## [Action item]
For each line of the data below, test for "with". Report only the number of lines that pass.

### Dataset excerpts

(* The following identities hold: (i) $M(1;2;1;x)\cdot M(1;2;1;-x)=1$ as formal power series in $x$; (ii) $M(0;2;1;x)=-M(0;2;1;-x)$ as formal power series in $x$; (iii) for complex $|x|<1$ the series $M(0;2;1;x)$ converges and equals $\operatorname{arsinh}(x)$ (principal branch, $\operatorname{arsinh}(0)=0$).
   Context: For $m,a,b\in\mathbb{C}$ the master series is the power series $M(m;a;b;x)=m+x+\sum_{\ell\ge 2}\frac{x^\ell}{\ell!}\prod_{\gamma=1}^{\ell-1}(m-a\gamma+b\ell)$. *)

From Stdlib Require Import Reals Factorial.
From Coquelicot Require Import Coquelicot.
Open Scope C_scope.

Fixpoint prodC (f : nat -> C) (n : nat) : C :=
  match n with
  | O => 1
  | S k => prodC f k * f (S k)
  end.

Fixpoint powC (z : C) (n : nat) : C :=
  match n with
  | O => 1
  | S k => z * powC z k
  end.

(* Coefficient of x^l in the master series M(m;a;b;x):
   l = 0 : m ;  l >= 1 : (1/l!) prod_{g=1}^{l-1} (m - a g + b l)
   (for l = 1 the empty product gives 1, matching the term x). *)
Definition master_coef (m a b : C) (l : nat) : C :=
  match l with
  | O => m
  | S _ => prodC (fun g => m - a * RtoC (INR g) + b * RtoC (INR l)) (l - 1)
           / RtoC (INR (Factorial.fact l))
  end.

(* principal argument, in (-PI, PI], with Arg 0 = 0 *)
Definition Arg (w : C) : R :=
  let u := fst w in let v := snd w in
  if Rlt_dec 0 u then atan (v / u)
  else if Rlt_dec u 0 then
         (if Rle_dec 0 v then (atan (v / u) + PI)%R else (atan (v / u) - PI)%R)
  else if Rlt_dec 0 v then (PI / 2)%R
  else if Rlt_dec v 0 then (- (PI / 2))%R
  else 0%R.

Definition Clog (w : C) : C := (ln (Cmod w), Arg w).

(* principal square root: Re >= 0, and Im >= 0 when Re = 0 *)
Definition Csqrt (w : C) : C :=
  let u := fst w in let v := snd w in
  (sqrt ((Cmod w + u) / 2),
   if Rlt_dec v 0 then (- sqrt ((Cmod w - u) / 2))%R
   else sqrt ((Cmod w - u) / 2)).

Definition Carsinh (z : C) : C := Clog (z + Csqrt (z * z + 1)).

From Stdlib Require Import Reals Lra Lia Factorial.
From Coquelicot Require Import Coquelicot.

######
### Dataset excerpts

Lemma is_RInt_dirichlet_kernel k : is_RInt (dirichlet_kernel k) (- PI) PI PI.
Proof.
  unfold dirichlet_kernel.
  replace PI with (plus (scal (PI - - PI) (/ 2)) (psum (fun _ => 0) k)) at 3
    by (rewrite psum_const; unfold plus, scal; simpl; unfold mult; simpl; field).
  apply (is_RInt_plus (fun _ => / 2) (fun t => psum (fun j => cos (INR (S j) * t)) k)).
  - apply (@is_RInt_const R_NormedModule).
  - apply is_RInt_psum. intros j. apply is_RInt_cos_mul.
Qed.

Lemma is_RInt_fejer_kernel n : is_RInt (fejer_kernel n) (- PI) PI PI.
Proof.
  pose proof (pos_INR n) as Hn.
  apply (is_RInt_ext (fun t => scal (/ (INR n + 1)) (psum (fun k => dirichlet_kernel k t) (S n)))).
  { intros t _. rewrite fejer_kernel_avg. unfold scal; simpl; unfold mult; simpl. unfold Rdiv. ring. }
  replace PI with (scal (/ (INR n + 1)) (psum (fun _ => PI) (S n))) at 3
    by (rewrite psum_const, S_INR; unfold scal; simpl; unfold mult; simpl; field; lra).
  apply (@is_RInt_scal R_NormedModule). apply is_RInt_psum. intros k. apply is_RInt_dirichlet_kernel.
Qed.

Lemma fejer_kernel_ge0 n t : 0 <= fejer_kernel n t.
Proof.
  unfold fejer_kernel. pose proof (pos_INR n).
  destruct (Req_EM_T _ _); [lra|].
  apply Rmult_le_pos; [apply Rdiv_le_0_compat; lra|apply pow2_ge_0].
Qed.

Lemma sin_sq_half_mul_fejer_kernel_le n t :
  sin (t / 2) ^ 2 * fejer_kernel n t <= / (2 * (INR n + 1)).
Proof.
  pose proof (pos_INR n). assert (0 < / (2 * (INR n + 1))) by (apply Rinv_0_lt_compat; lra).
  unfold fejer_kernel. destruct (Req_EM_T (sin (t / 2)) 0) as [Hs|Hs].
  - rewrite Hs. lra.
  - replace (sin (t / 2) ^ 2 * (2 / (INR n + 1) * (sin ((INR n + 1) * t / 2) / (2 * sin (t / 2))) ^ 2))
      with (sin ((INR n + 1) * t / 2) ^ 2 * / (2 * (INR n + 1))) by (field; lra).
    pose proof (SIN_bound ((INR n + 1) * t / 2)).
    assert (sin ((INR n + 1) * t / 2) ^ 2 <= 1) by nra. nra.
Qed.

######

## [Result of the exercise]
7